Author Topic: No... we are getting a hotel. Update post #19  (Read 4026 times)

0 Members and 1 Guest are viewing this topic.

Miss March

  • Hero Member
  • ***
  • Posts: 2782
Re: No... we are getting a hotel.
« Reply #15 on: November 22, 2014, 10:17:20 AM »
I vote hotel room.

One Christmas Eve, my poor BIL was relegated to sleeping on the living room couch. First he had to wait until all the parents were done setting up the stockings and setting up the various things that Santa had brought, before he could turn in for the night. And then, at about 6am, all the kids woke up and raced downstairs to the tree. Poor BIL got about 4-5 hours sleep, and he was bleary and fighting off a nasty headache all day. It's really unfair to ask someone to sleep on a couch in the middle of a busy household.
How lucky I am to have something that makes saying good bye so hard.-- Winnie the Poo

MrTango

  • Hero Member
  • ***
  • Posts: 2469
Re: No... we are getting a hotel.
« Reply #16 on: November 22, 2014, 11:01:54 AM »
Here is what I would edit from that email:

Hi Aunt Diana -
After we talked on the phone the other day (DH) and I talked again.  As you know, we are arriving in (town) at around 5pm Christmas Eve.  DH and I have decided to go ahead and get a hotel and rental car for the two nights we'll be in (town). I found a few within 10 miles of your house that are reasonable, and we'll pick up a rental car at the airport.  I hope this works with your hosting plans, We are still planning on looking forward to spending all our time at the house with you and everyone else. 

Love,
GSNW

There's no need to explain or justify your decision.

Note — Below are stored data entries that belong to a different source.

Lemma L_alpha_plane (p q : int) :
  L alpha (p *: z k.+1 + q *: z k.+2) = p%:~R * lam1 + q%:~R * lam2.
Proof. by rewrite LD !LZ. Qed.

Lemma ulen_plane_sq (p q : int) : ulen (p *: z k.+1 + q *: z k.+2) ^+ 2 =
  (p%:~R) ^+ 2 * n1 ^+ 2 + 2 * (p%:~R * q%:~R) * dotp (uz R z k.+1) (uz R z k.+2)
  + (q%:~R) ^+ 2 * n2 ^+ 2.
Proof.
rewrite !vnorm_sq toRD !toRZ underD !underZ.
by rewrite !(dotpDl, dotpDr, dotpZl, dotpZr) (dotpC (uz R z k.+2)); ring.
Qed.

Lemma lower_bound_plane (p q : int) : ulen (p *: z k.+1 + q *: z k.+2) <= n3 ->
  2 * `|p%:~R| - 1 <= `|L alpha (p *: z k.+1 + q *: z k.+2)| * (2 * D2).
Proof.
move=> small; have := L_alpha_near_a2 (p *: z k.+1 + q *: z k.+2).
rewrite [L a2 _]LD !LZ L_a2_z2 mulr0 addr0 => near.
have {}near : `|L alpha (p *: z k.+1 + q *: z k.+2) - p%:~R * l2| * (2 * D2) <= 1.
  by rewrite -(ger_pMl _ n3_gt0) (le_trans near small).
apply: le_trans (lerB_dist_scaled _ near); last by rewrite mulr_ge0 ?(ltW D2_gt0).
by rewrite normrM -mulrA [`|l2| * _]mulrCA l2D2 mulr1 mulrC.
Qed.

Lemma short_plane_vector (p q : int) : ulen (p *: z k.+1 + q *: z k.+2) <= n2 ->
  p * q <= 0 -> q != 0 -> p = 0 /\ (q = 1 \/ q = -1).
Proof.
move=> small pq q0; have sq := ulen_plane_sq p q.
have {}small : ulen (p *: z k.+1 + q *: z k.+2) ^+ 2 <= n2 ^+ 2.
  by rewrite ler_sqr ?nnegrE ?vnorm_ge0.
have {}pq : (p%:~R * q%:~R : R) <= 0 by rewrite -intrM lerz0.
have q1 := intr_sqr_ge1 R q0; have := obtuse12 => obtuse.
have p0 : (p%:~R : R) ^+ 2 * n1 ^+ 2 <= 0 by nra.
have {}q1 : ((q%:~R : R) ^+ 2 - 1) * n2 ^+ 2 <= 0 by have := sqr_ge0 (p%:~R : R); nra.
split.
  move: p0; rewrite pmulr_lle0 ?exprn_gt0 ?n1_gt0 // -rmorphXn /= lerz0 expr2.
  exact: int_mul_self_le0.
move: q1; rewrite pmulr_lle0 ?exprn_gt0 ?n2_gt0 // subr_le0 -rmorphXn /= lerz1 expr2.
exact: int_mul_self_le1.
Qed.

Lemma lam1_le_plane (p q : int) : p = 1 \/ p = -1 -> 0 <= p * q ->
  `|lam1| <= `|L alpha (p *: z k.+1 + q *: z k.+2)|.
Proof.
move=> p1 pq; have l2_gt0 : 0 < `|l2| by have := l2D2; have := D2_gt0; nra.
(* [lam1] lies within [|l2| / 2] of [l2], so it has the sign of [l2], and so does [lam2] *)
have lam1l2 : 0 < lam1 * l2.
  have := lam1_l2; have := l2D2; have := D2_gt0.
  have := real_normK (num_real (lam1 - l2)); have := real_normK (num_real l2).
  have := normr_ge0 (lam1 - l2); nra.
have lam12 : 0 <= lam1 * lam2.
  have := sign2; have := real_normK (num_real l2); nra.
have p2 : (p%:~R : R) ^+ 2 = 1 by case: p1 => ->; rewrite ?rmorphN rmorph1 ?sqrrN expr1n.
have pqR : 0 <= (p%:~R * q%:~R : R) by rewrite -intrM ler0z.
rewrite L_alpha_plane -ler_sqr ?nnegrE ?normr_ge0 // !real_normK ?num_real //.
have := sqr_ge0 (q%:~R * lam2 : R); nra.
Qed.

Lemma D12_le_plane (p q : int) : q != 0 ->
  detLam R z k.+1 2 <= ulen (p *: z k.+1 + q *: z k.+2) * n1.
Proof.
move=> q0; set M := LamMx R z k.+1 1.
have freeM : row_free M := row_free_LamMx_le (isT : (1 <= n.+2)%N) free1.
have GM : \det (gram M) = n1 ^+ 2.
  by rewrite det_mx11 vnorm_sq dotp_mx /gram !mxE; apply: eq_bigr => i _; rewrite !mxE addn0.
have uw : under (toR R (p *: z k.+1 + q *: z k.+2))
    = \row_(i < 1) p%:~R *m M + q%:~R *: uz R z k.+2.
  by rewrite toRD !toRZ underD !underZ mulmx_sum_row big_ord1 rowK mxE addn0.
have := gram_height (uz R z k.+2) (\row_(i < 1) p%:~R) q%:~R freeM.
rewrite GM sqr_ge0 -uw -vnorm_sq -/M -[k.+2]addn1 -LamMx_addn1 !addn1 => /(_ isT) height.
rewrite /detLam /wedge_norm; set G := \det _.
have [G0|G0] := lerP G 0; first by rewrite ler0_sqrtr // mulr_ge0 ?vnorm_ge0.
rewrite -(ger0_norm (mulr_ge0 (vnorm_ge0 _) (vnorm_ge0 _))) -sqrtr_sqr ler_sqrt ?sqr_ge0 //.
by rewrite exprMn (le_trans _ height) // ler_peMl ?intr_sqr_ge1 ?ltW.
Qed.

Lemma Dkl_Bk_next : 2 * Dkl R z k.+2 n.+2 * Bk R z k.+1 ^+ n.+2 = 2 * D2 / n1 ^+ n.+2.
Proof.
rewrite /Dkl /Bk expr_div_n; field.
by rewrite !expf_neq0 // gt_eqF ?n1_gt0 ?n2_gt0.
Qed.

Lemma normL_z1_minimal w : ulen w <= n2 -> w != 0 -> w != z k.+2 -> w != - z k.+2 ->
  `|lam1| <= `|L alpha w| /\ `|lam2| < `|lam1|.
Proof.
move=> small w0 wz2 wNz2; have D2p := D2_gt0; have := lam1_D2 => /andP[lam1_lo lam1_hi].
split; last by have := lam2_D2; nra.
have [big|[p [q ew]]] := lower_bound_or_plane small.
  by have := lam1_D1; have := D1_gt0; nra.
subst w; have [p0|p0] := eqVneq p 0.
  have q0 : q != 0 by apply: contraNneq w0 => q0; rewrite p0 q0 !scale0r addr0.
  have pq : p * q <= 0 by rewrite p0 mul0r.
  have [_ [] q1] := short_plane_vector small pq q0.
    by move: wz2; rewrite p0 q1 scale0r add0r scale1r eqxx.
  by move: wNz2; rewrite p0 q1 scale0r add0r scaleN1r eqxx.
have [p2|p1] := lerP 2 `|p|.
  have := lower_bound_plane (le_trans small n23); have := intr_norm_ge2 R p2; nra.
have {p0 p1} p1 := int_norm_lt2 p0 p1.
have [pq|pq] := lerP 0 (p * q); first exact: lam1_le_plane.
have q0 : q != 0 by apply: contraTneq pq => ->; rewrite mulr0.
by have [p0 _] := short_plane_vector small (ltW pq) q0; case: p1; rewrite p0.
Qed.

Lemma normL_z1_bounds :
  1 / (2 * Dkl R z k.+2 n.+2 * Bk R z k.+1 ^+ n.+2) <= `|lam1| * n1 ^+ n.+2 /\
  `|lam1| * n1 ^+ n.+2 <= 3 / (2 * Dkl R z k.+2 n.+2 * Bk R z k.+1 ^+ n.+2).
Proof.
have P0 : 0 < n1 ^+ n.+2 by rewrite exprn_gt0 ?n1_gt0.
have K0 : 0 < 2 * D2 / n1 ^+ n.+2 by rewrite divr_gt0 // mulr_gt0 ?D2_gt0.
have e : `|lam1| * n1 ^+ n.+2 * (2 * D2 / n1 ^+ n.+2) = 2 * (`|lam1| * D2).
  by field; rewrite gt_eqF.
rewrite Dkl_Bk_next ler_pdivrMr // ler_pdivlMr // e.
by have /andP[lo hi] := lam1_D2; split; lra.
Qed.
Lemma zip_behead_pred s y : y \in behead s -> exists x, (x, y) \in zip s (behead s).
Proof.
case: s => [|a s] //=; elim: s a => [|b s IH] a //=.
rewrite in_cons => /predU1P[->|/(IH b)[x e]]; first by exists a; rewrite mem_head.
by exists x; rewrite in_cons e orbT.
Qed.

Lemma uniq_flatten_mem_eq cs c1 c2 x : uniq (flatten cs) ->
  c1 \in cs -> c2 \in cs -> x \in c1 -> x \in c2 -> c1 = c2.
Proof.
elim: cs => [|d cs IH] //=; rewrite cat_uniq => /and3P[_ disj uniq_cs].
have notin_d c : c \in cs -> x \in c -> x \notin d.
  by move=> c_cs x_c; apply: contra disj => x_d; apply/hasP; exists x => //; apply/flattenP; exists c.
rewrite !in_cons => /predU1P[->|c1_cs] /predU1P[->|c2_cs] // x1 x2.
- by move: (notin_d _ c2_cs x2); rewrite x1.
- by move: (notin_d _ c1_cs x1); rewrite x2.
- exact: IH.
Qed.

Lemma uniq_flatten_mem cs c : uniq (flatten cs) -> c \in cs -> uniq c.
Proof.
elim: cs => [|d cs IH] //=; rewrite cat_uniq => /and3P[uniq_d _ uniq_cs].
by rewrite in_cons => /predU1P[->|/IH]; last exact.
Qed.

End ChainSeq.

Section ChainCover.
Variables (n : nat) (cs : seq (seq 'I_n)).
Hypothesis cover : disjoint_chain_cover cs.

Lemma chainsEP e : reflect (exists2 c, c \in cs & e \in chain_edges c) (e \in chainsE cs).
Proof. by rewrite inE; apply: hasP. Qed.

Lemma chainsE_eq u v u' v' : (u, v) \in chainsE cs -> (u', v') \in chainsE cs ->
  (u == u') = (v == v').
Proof.
case: cover => _ uniq_cs _.
move=> /chainsEP[c c_cs e] /chainsEP[c' c'_cs e'].
have [u_c /mem_behead v_c] := mem_zip_behead e.
have [u_c' /mem_behead v_c'] := mem_zip_behead e'.
have [/orP share|] := boolP ((u == u') || (v == v')).
  have c_eq : c = c'.
    case: share => /eqP eq; subst.
      exact: uniq_flatten_mem_eq uniq_cs c_cs c'_cs u_c u_c'.
    exact: uniq_flatten_mem_eq uniq_cs c_cs c'_cs v_c v_c'.
  by subst c'; apply: zip_behead_eq e e'; apply: uniq_flatten_mem c_cs.
by rewrite negb_or => /andP[/negbTE-> /negbTE->].
Qed.

Lemma chainsE_target_notin_sources u v : (u, v) \in chainsE cs -> v \notin chain_sources cs.
Proof.
case: cover => _ uniq_cs _.
move=> /chainsEP[c c_cs /mem_zip_behead[_ v_behead]].
rewrite inE; apply/hasP => -[[|a t] //= c'_cs /eqP[a_v]]; subst a.
have c_eq := uniq_flatten_mem_eq uniq_cs c'_cs c_cs (mem_head v t) (mem_behead v_behead).
subst c; have /= /andP[v_notin _] := uniq_flatten_mem uniq_cs c_cs.
by rewrite v_behead in v_notin.
Qed.

Lemma chain_pred_of_notin_sources v : v \notin chain_sources cs ->
  exists u, (u, v) \in chainsE cs.
Proof.
case: cover => _ _ covered v_nsrc.
have /flattenP[[|a t] c_cs] := covered v; first by [].
rewrite in_cons => /predU1P[v_a|v_t].
  by subst a; move: v_nsrc; rewrite inE => /hasP[]; exists (v :: t).
have [u e] := @zip_behead_pred _ (a :: t) v v_t.
by exists u; apply/chainsEP; exists (a :: t).
Qed.

Lemma Tmax_chain (T : 'I_n -> nat) u v : (u, v) \in chainsE cs -> Tmax cs T u = (T v).-1.
Proof.
move=> e; rewrite /Tmax; case: pickP => [w e'|none]; last by rewrite none in e.
by move: (chainsE_eq e' e); rewrite eqxx => /esym/eqP->.
Qed.

Lemma card_chainsE : (#|chainsE cs| <= #|~: chain_sources cs|)%N.
Proof.
rewrite -(@card_in_imset _ _ snd); last first.
  by move=> [u v] [u' v'] e e' /= v_eq; move: (chainsE_eq e e'); rewrite v_eq eqxx => /eqP->.
apply/subset_leq_card/subsetP => _ /imsetP[[u v] e ->].
by rewrite inE (chainsE_target_notin_sources e).
Qed.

Your last sentence felt like an apology, which is also not needed.  I re-worded it to be more positive in tone.

Roses

  • Member
  • **
  • Posts: 205
Re: No... we are getting a hotel.
« Reply #17 on: November 22, 2014, 11:36:46 AM »
OP, we always do hotel rooms in these situations.

I'd recommend you book the hotel and the car and then e-mail Aunt about your plans.  Your e-mail would then not leave any room for argument because your decision and plans are made.

Hi Aunt Diana -
As you know, we are arriving in (town) at around 5pm Christmas Eve.  DH and I have booked Hotel X the two nights we'll be in (town).   We'll pick up our rental car when we land at the airport. We are looking forward to spending Christmas with everyone.  Thanks so much for inviting us!

Love,
GSNW
 

Your Aunt doesn't need to understand your decision making process (the first sentence you had in your e-mail) and I agree with Mr. Tango that your last sentence sounded like you were apologizing or explaining, which is not needed.


Oh Joy

  • Hero Member
  • ***
  • Posts: 1405
Re: No... we are getting a hotel.
« Reply #18 on: November 22, 2014, 11:40:10 AM »
Mine would read more like:

Auntie-
So excited for the holidays already!  DH and I firmed up our travel plans.  Our flight arrives at 5:13 pm on Christmas Eve.  We'll pick up a rental car and swing by AmericInn to drop our bags, then join the family for the rest of the evening.  We'll be back for Christmas morning and through the evening,  and will join the family for lunch on the 26th before heading to the airport.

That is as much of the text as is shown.